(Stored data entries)
· · ·
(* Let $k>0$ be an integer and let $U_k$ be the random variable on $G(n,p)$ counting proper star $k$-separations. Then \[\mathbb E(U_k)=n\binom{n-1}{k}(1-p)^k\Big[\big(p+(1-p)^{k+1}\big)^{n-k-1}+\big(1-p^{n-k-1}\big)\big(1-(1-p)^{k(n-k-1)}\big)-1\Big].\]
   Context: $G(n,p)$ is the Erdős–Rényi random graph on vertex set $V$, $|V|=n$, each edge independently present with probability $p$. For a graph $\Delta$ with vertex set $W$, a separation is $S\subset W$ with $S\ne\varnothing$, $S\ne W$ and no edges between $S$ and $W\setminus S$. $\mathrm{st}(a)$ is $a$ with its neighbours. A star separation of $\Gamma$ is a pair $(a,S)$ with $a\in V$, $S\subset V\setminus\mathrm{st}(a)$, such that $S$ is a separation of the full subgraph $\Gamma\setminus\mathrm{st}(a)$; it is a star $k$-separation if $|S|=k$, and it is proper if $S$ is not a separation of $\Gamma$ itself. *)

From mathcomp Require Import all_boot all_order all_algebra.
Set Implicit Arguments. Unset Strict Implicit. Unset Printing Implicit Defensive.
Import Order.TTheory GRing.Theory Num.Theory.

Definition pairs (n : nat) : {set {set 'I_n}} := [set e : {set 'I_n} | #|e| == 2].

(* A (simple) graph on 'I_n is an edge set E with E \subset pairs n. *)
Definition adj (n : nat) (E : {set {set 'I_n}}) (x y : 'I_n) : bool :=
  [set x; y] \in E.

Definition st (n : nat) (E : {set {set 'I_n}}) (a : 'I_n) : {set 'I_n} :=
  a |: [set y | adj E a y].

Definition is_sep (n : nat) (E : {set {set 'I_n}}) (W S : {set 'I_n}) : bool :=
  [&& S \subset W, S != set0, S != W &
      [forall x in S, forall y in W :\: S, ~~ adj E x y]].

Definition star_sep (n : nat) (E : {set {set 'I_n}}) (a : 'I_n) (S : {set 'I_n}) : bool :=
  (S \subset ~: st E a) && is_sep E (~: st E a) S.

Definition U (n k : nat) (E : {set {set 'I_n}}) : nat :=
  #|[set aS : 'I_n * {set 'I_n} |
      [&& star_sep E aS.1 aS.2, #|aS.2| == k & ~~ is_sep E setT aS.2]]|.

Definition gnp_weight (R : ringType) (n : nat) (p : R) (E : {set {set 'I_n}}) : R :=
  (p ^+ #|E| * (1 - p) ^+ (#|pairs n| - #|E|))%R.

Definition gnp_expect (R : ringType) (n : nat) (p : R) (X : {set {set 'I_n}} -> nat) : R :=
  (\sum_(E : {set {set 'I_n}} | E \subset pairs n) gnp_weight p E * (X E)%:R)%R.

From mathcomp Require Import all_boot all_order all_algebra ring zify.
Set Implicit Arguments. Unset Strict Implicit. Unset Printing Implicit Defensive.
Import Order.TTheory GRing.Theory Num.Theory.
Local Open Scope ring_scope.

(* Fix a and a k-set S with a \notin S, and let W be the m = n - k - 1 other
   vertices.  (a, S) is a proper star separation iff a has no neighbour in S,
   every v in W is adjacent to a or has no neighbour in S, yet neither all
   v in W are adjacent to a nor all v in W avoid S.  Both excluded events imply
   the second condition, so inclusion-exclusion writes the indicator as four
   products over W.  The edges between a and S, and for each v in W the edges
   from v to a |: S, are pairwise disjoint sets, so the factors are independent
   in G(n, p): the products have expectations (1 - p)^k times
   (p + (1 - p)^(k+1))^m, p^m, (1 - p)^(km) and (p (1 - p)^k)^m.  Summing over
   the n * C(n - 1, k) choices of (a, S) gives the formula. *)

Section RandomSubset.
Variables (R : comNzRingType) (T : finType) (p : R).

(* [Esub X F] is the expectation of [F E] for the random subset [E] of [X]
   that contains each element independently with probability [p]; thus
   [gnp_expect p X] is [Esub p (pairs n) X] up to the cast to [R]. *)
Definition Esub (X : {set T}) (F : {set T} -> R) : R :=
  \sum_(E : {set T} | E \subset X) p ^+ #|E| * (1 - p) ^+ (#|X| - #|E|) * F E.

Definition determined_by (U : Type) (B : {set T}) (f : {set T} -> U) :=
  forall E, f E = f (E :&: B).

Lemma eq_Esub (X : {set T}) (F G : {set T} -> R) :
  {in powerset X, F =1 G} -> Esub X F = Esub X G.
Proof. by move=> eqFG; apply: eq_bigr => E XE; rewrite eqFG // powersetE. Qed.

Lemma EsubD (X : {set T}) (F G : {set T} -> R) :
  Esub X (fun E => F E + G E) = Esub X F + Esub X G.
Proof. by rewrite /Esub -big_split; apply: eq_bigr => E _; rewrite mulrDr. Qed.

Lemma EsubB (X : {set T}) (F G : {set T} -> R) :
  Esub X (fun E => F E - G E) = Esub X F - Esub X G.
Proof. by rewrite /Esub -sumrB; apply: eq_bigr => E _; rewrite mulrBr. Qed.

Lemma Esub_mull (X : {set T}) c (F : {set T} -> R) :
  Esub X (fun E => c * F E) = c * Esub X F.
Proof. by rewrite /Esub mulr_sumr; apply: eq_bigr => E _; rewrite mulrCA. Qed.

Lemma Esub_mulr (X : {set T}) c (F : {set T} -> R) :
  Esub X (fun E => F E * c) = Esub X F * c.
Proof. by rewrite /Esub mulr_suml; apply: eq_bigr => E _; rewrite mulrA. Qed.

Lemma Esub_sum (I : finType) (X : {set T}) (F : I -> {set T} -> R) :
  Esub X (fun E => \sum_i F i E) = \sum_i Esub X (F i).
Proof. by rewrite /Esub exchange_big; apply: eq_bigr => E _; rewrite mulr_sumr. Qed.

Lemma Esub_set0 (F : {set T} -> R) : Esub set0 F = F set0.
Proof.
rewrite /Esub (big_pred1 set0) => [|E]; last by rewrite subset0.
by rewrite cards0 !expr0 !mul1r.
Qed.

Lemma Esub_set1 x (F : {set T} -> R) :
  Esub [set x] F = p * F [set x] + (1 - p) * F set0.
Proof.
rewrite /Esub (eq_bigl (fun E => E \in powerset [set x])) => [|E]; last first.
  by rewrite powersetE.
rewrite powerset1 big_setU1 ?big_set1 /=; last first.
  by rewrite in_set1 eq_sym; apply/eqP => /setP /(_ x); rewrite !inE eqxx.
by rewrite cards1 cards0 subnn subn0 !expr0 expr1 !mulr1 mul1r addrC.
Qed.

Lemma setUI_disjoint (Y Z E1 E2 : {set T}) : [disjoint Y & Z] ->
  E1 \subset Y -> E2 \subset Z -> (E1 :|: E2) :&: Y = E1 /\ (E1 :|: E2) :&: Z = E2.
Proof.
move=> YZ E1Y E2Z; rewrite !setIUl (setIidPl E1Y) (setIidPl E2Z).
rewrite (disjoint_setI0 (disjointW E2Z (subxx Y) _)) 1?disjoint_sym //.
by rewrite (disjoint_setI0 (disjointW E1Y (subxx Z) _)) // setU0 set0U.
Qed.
· · ·
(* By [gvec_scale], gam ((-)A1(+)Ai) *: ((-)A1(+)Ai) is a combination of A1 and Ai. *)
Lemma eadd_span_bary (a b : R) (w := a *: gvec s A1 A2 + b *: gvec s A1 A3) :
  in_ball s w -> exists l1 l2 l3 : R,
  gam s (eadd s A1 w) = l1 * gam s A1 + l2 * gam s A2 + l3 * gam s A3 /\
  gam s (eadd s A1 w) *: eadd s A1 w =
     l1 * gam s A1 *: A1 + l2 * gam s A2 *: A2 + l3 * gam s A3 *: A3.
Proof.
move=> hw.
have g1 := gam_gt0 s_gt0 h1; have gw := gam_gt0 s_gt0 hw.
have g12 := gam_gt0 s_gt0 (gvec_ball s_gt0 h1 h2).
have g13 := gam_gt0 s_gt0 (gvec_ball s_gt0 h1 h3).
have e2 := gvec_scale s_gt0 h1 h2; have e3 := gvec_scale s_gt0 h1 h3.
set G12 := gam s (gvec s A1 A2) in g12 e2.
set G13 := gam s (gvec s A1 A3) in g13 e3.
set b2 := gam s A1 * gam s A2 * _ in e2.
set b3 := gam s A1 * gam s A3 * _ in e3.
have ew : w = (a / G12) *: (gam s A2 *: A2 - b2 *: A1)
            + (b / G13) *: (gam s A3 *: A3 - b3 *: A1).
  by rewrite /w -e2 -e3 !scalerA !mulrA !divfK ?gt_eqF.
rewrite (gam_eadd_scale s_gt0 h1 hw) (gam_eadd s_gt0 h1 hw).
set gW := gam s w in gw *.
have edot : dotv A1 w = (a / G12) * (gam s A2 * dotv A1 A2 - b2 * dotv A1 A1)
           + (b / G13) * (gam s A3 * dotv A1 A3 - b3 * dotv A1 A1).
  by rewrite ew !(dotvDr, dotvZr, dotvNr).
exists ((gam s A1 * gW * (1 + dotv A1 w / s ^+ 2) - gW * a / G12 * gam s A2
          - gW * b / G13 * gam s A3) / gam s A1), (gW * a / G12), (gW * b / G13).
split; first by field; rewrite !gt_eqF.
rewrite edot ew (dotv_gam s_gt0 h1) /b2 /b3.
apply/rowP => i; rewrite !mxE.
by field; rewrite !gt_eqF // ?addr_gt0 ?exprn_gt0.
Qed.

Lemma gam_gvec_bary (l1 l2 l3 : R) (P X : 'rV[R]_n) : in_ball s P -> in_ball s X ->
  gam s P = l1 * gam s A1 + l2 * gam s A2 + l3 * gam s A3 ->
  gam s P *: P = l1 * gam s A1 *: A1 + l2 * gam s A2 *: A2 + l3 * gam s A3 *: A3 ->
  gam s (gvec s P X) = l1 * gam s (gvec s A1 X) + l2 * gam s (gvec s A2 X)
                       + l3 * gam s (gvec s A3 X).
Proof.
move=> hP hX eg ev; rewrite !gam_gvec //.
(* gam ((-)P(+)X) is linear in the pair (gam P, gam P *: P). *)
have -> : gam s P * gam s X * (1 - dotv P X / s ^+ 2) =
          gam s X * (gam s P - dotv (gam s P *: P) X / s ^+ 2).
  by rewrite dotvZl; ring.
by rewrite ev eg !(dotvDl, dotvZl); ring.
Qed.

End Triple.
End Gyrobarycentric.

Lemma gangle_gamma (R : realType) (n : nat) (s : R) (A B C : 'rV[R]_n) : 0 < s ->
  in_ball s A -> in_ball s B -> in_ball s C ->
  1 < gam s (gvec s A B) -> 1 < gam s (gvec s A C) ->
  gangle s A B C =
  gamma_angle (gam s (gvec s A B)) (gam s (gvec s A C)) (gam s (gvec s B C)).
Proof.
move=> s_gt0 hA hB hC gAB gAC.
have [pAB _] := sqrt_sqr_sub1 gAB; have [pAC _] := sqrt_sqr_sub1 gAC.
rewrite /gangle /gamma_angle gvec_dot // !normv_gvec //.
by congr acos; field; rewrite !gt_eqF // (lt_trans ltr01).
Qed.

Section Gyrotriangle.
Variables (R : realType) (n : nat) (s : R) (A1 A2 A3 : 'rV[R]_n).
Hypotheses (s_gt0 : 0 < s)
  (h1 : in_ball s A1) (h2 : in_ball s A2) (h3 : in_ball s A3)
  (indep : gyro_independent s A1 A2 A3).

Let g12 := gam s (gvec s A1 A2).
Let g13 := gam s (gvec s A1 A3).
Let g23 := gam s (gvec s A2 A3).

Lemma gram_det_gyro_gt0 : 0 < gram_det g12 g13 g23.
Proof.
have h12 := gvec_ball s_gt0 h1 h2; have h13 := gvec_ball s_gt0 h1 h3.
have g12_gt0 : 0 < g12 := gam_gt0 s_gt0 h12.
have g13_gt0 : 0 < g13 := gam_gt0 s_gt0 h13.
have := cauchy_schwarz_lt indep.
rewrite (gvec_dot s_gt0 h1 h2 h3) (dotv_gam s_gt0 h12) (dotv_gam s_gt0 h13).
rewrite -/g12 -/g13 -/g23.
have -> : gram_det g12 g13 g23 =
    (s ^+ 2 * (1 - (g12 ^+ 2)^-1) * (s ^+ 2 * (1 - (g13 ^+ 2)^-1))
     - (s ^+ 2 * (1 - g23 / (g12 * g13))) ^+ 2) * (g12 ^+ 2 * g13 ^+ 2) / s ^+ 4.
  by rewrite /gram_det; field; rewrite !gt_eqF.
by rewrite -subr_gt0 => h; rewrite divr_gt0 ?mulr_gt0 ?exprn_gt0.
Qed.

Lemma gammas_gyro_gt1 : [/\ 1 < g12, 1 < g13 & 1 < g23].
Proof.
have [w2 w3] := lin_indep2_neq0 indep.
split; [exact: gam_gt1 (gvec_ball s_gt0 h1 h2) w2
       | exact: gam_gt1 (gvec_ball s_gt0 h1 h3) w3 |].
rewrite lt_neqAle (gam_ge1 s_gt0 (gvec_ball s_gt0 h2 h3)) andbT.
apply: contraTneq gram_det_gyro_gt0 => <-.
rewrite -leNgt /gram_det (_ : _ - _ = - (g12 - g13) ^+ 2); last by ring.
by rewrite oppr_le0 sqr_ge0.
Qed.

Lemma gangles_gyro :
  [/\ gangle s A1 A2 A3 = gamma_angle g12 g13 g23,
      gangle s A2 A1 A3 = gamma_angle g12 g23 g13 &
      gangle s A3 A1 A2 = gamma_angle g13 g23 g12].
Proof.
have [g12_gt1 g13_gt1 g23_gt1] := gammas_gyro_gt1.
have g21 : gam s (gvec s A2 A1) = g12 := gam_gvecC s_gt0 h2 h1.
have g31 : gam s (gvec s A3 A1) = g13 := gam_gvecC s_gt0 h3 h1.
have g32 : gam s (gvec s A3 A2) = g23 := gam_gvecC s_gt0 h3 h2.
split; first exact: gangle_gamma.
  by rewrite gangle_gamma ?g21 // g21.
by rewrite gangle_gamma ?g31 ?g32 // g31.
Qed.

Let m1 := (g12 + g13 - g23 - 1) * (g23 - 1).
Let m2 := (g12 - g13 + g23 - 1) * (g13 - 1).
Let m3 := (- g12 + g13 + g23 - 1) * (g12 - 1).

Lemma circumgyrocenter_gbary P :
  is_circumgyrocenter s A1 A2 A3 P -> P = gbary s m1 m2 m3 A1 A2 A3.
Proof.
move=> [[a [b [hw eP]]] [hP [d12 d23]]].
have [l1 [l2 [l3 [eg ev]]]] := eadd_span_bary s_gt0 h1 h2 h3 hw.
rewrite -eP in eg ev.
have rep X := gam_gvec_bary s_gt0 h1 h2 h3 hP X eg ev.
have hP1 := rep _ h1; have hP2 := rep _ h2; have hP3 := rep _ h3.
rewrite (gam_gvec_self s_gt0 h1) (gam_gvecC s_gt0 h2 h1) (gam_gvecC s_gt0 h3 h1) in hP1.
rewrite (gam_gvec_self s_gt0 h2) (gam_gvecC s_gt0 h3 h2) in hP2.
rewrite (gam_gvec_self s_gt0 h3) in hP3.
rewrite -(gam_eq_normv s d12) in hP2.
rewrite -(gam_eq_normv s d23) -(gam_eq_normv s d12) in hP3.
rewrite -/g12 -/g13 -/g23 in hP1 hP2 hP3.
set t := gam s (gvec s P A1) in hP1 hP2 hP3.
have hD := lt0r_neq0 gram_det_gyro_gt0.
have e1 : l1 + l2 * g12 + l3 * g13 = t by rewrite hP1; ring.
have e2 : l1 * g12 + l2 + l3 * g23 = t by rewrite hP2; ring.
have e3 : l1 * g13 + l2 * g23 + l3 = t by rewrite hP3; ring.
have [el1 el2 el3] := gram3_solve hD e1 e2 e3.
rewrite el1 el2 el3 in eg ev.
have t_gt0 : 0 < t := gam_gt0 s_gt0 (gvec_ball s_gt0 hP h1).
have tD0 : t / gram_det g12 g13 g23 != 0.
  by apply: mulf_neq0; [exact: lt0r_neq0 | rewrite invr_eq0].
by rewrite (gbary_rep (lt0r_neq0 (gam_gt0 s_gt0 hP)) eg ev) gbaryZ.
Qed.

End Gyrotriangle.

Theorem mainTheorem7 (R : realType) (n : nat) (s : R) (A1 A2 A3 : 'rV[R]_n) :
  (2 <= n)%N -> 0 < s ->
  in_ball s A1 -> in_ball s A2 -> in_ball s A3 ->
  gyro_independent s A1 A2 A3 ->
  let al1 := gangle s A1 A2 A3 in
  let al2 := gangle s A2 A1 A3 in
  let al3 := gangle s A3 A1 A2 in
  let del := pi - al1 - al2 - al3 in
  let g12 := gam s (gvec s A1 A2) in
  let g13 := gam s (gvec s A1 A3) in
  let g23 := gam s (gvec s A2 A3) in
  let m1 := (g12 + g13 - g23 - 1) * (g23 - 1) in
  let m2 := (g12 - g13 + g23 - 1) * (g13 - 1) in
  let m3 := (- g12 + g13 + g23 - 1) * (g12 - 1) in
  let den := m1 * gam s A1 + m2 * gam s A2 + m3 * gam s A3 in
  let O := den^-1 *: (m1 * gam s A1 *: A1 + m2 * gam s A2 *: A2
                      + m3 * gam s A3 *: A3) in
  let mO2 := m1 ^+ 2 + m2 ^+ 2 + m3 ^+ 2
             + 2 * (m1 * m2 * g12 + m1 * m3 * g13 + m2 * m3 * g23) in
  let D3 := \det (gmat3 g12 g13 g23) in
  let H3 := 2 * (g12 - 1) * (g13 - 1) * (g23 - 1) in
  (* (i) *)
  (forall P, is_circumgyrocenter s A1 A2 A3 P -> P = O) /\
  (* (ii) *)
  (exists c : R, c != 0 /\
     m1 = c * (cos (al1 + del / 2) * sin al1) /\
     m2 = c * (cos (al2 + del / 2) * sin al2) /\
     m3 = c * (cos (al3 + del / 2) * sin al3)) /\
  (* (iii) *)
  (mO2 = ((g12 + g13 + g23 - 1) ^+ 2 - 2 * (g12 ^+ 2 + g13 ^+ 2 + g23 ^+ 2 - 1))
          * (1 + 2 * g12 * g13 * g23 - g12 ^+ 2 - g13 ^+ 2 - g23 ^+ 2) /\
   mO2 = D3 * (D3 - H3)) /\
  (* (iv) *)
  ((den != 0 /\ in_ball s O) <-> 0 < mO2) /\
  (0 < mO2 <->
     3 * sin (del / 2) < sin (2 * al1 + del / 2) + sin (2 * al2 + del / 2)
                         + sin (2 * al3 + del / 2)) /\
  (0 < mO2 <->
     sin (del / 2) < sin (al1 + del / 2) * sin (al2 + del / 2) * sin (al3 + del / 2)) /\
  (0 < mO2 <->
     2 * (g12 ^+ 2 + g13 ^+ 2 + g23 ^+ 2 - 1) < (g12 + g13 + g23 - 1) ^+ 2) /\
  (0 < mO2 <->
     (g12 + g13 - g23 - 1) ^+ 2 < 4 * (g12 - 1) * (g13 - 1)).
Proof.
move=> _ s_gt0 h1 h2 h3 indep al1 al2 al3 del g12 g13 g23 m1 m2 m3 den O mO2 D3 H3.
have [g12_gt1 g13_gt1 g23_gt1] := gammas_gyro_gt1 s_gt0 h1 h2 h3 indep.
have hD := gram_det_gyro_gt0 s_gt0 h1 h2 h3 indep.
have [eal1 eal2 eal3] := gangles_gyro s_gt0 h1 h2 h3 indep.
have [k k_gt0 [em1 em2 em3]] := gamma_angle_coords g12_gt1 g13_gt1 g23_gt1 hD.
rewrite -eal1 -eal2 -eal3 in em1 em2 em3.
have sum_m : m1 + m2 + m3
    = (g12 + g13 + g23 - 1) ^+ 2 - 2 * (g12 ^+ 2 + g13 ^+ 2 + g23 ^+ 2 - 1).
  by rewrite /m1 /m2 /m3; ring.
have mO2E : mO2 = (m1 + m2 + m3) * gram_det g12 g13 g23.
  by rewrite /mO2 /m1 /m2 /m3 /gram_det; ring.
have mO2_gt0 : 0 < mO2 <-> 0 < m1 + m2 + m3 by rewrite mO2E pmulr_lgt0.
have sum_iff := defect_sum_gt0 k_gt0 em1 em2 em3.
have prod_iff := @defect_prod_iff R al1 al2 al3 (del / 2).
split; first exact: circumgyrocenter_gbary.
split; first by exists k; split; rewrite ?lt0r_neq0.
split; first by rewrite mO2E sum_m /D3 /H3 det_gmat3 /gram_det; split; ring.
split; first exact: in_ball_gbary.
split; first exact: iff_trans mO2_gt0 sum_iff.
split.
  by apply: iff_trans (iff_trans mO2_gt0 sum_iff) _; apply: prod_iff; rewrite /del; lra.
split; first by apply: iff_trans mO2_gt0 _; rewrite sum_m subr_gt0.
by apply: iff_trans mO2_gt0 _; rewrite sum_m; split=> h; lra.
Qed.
· · ·
→ **The task**:
Scan the records above for the string "finType", then report every line that contains it.

→ **Result of the exercise**:
Variables (R : comNzRingType) (T : finType) (p : R).
Lemma Esub_sum (I : finType) (X : {set T}) (F : I -> {set T} -> R) :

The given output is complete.